In this work, we followed this methodology: we divided 70 students who are studying in the Ecole Normale Supérieure Marrakech in the field of education license option Physics-Chemistry into two groups; the students of the first group learned the quantum mechanics with the integration of the two simulations during the learning of the postulates of quantum mechanics and especially the postulates of the measure while opening the discussion to the students to give their interpretations by manipulating the different interactive parameters of two simulations. The students of the second group learned the postulates of quantum mechanics traditionally. Before learning the postulates of quantum mechanics, the students are asked to answer a pre-test to indicate that the two groups have the same prerequisite and are homogeneous and to compare the experimental group by comparing the pre-test and post-test results obtained by the experimental group students. After completing the quantum mechanics course, the students were asked to answer a post-test about the measurement postulates in quantum mechanics.
The data collected from the investigation in this study is done by two tests, a pre-test and a post-test. The pre-test comprises 19 multiple-choice questions to assess the necessary prerequisites and determine the homogeneity of the students of the two groups. The pre-test was developed by us and presented to a professor from the Higher Normal School Marrakech, who teaches quantum mechanics, and two other professors at the Faculty of Sciences, Cadi Ayyad University.
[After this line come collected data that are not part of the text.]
Lemma vec4_0 : vec4 0 0 0 0 = 0 :> 'rV[F]_4.
Proof. by apply/rowP => i; rewrite !mxE; case: i => [[|[|[|[|i]]]] ?]. Qed.

Lemma pt_sub v m (M : 'M[F]_(m, 4)) : (pt v <= M)%MS = (v <= M)%MS.
Proof. by rewrite /pt genmxE. Qed.

Lemma pt_eq_scale v w : pt v = pt w -> exists a, v = a *: w.
Proof. by move=> e; apply/sub_rVP; rewrite -pt_sub e pt_sub. Qed.

Lemma ptZ x v : x != 0 -> pt (x *: v) = pt v.
Proof. by move=> x0; apply/eq_genmx/eqmx_scale. Qed.

Lemma genmx_pt_mulmx v (A : 'M[F]_4) : (<<pt v *m A>>)%MS = pt (v *m A).
Proof. exact/eq_genmx/eqmxMr/genmxE. Qed.

Lemma pt_mulmx v w (A : 'M[F]_4) : pt v = pt w -> pt (v *m A) = pt (w *m A).
Proof. by move=> e; rewrite -!genmx_pt_mulmx e. Qed.

Lemma pt_PGpointsE v : (pt v \in PGpoints F) = (v != 0).
Proof.
apply/imsetP/idP => [[w /[!inE] w0 /esym/pt_eq_scale [a ew]] | v0].
  by apply: contraNneq w0 => v0; rewrite ew v0 scaler0.
by exists v; rewrite ?inE.
Qed.

Lemma PGpointsP X : X \in PGpoints F -> exists2 v, v != 0 & X = pt v.
Proof. by case/imsetP => v /[!inE] v0 ->; exists v. Qed.

End Coordinates.

Section TwistedCubic.
Variable F : finFieldType.
Implicit Types (v w : 'rV[F]_4) (A : 'M[F]_4) (t : option F).

Definition quadric (i j k l : nat) v : F := comp4 v i * comp4 v j - comp4 v k * comp4 v l.

Definition polar (i j k l : nat) v w : F :=
  comp4 v i * comp4 w j + comp4 w i * comp4 v j - (comp4 v k * comp4 w l + comp4 w k * comp4 v l).

Lemma quadricZ i j k l x v : quadric i j k l (x *: v) = x ^+ 2 * quadric i j k l v.
Proof. by rewrite /quadric /comp4 !mxE; ring. Qed.

Lemma polarZl i j k l x v w : polar i j k l (x *: v) w = x * polar i j k l v w.
Proof. by rewrite /polar /comp4 !mxE; ring. Qed.

Lemma quadrics_Cvec t : [/\ quadric 0 2 1 1 (Cvec t) = 0, quadric 1 3 2 2 (Cvec t) = 0
  & quadric 0 3 1 2 (Cvec t) = 0].
Proof. by rewrite /quadric; case: t => [t|]; rewrite !comp4_vec4 //=; split; ring. Qed.

Lemma Cvec_neq0 t : Cvec t != 0.
Proof.
by rewrite -vec4_0; apply/eqP; case: t => [t|] /vec4P [] => [_ _ _|] /eqP; rewrite oner_eq0.
Qed.

Lemma Cvec_sub_tangent t : (Cvec t <= tangent t)%MS.
Proof. by apply/sub_span2P; exists 1, 0; rewrite scale1r scale0r addr0. Qed.

Lemma polar_sub_tangent t w : polar 0 2 1 1 (Cvec t) w = 0 -> polar 1 3 2 2 (Cvec t) w = 0 ->
  polar 0 3 1 2 (Cvec t) w = 0 -> (w <= tangent t)%MS.
Proof.
have [w0 [w1 [w2 [w3 ->]]]] := vec4_surj w.
rewrite /polar; case: t => [t|]; rewrite !comp4_vec4 //= => B1 B2 B3; apply/sub_span2P.
  exists w3, (w2 - t * w3); rewrite !scale_vec4 add_vec4; congr vec4.
  - by apply: (eq_lincomb 1 t B3 B2); ring.
  - by apply: (eq_lincomb 1 0 B2 B3); ring.
  - by ring.
  - by ring.
exists w0, w1; rewrite !scale_vec4 add_vec4; congr vec4.
- by ring.
- by ring.
- by apply: (eq_lincomb 1 0 B1 B3); ring.
- by apply: (eq_lincomb 1 0 B3 B1); ring.
Qed.

(* [(taylor t)`_k] is the coefficient of u^k in P(t + u); for t = oo it is that of
   (1, u, u^2, u^3), which is P(1/u) up to the factor u^3. *)
Definition taylor t : seq 'rV[F]_4 :=
  [:: Cvec t, Tvec t & if t is Some t0 then [:: vec4 (3%:R * t0) 1 0 0; vec4 1 0 0 0]
                       else [:: vec4 0 0 1 0; vec4 0 0 0 1]].

Lemma taylor_curve t u : exists a s, \sum_(k < 4) u ^+ k *: (taylor t)`_k = a *: Cvec s.
Proof.
rewrite !big_ord_recr big_ord0 /= add0r.
case: t => [t|]; rewrite !scale_vec4 !add_vec4.
  by exists 1, (Some (t + u)); rewrite scale_vec4; congr vec4; ring.
have [->|u0] := eqVneq u 0.
  by exists 1, None; rewrite scale_vec4 expr0n /=; congr vec4; ring.
by exists (u ^+ 3), (Some u^-1); rewrite scale_vec4; congr vec4; field.
Qed.

Definition maps_curve A := forall s, exists x s', Cvec s *m A = x *: Cvec s'.

Lemma Cvec_mulmx_scale_neq0 A t x t' : A \in unitmx -> Cvec t *m A = x *: Cvec t' -> x != 0.
Proof.
move=> Au eCA; apply: contraTneq (Cvec_neq0 t) => x0.
by rewrite negbK -(mulmx_unit_eq0 _ Au) eCA x0 scale0r.
Qed.

Definition curve_preserving A := [/\ A \in unitmx, maps_curve A & maps_curve (invmx A)].

Lemma curve_scale v : pt v \in curve F -> exists a t, v = a *: Cvec t.
Proof. by case/imsetP => t _ /pt_eq_scale [a ->]; exists a, t. Qed.

Lemma Cvec_curve t : pt (Cvec t) \in curve F.
Proof. exact: imset_f. Qed.

Lemma Gq_curve_preserving A : A \in Gq F -> curve_preserving A.
Proof.
rewrite inE => /andP [Au /eqP curveA]; split=> // s.
  have /curve_scale [a [s' ->]] : pt (Cvec s *m A) \in curve F by rewrite -curveA; apply: imset_f.
  by exists a, s'.
have := Cvec_curve s; rewrite -curveA => /imsetP [s' _ /pt_eq_scale [a ->]].
by exists a, s'; rewrite -scalemxAl mulmxK.
Qed.

Lemma curve_preserving_inv A : curve_preserving A -> curve_preserving (invmx A).
Proof. by case=> Au mapA mapAi; split; rewrite ?unitmx_inv ?invmxK. Qed.

Lemma curve_mulmx A v :
  A \in unitmx -> maps_curve A -> pt v \in curve F -> pt (v *m A) \in curve F.
Proof.
move=> Au mapA vC; have [a [t ev]] := curve_scale vC.
have [a0 | a0] := eqVneq a 0; first by move: vC; rewrite ev a0 !scale0r mul0mx.
have [x [t' eCA]] := mapA t; have x0 := Cvec_mulmx_scale_neq0 Au eCA.
by rewrite ev -scalemxAl eCA scalerA ptZ ?mulf_neq0 ?Cvec_curve.
Qed.

Section LargeField.
Hypothesis card_F : (7 <= #|F|)%N.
Then, after discussion sessions, the questionnaire went through several versions until the final version was used. The reliability was obtained by statistical analysis of the results, which showed that the internal consistency index alpha Cronbach was 0.71, indicating that the investigative tool used was reliable. The pre-test covers Fundamental aspects, the wave-corpuscle duality, Understanding the wave function, the principle of uncertainty and indeterminism, Mathematical formalism, and Dirac notation.
The post-test comprises nine multiple-choice questions and three open-ended questions about the measurement postulates in quantum mechanics. The post-test items are inspired and taken from Measurement Warmup, linked with the Measurement simulation (QuILts), open-source physics; the alpha Cronbach was 0,755. The topics covered by the post-test are the probabilistic aspect of the measurement, the reduction during the measurement, the difference in measurement between the position and Hamiltonian observables, and the temporal evolution of the quantum state.
3. Results
To argue that there is an important impact of the use of the two simulations in the understanding and learning of concepts about the postulates of quantum mechanics and especially the process of measurement, the difference between the measurement by two observables (observable position and Hamiltonian), the concept of reduction and the temporal evolution of a quantum state. Statistical analysis is required to show that there is a significant difference between the results of the two samples. The statistical analysis has been done using the SPSS package version 25, following the statistical protocol below.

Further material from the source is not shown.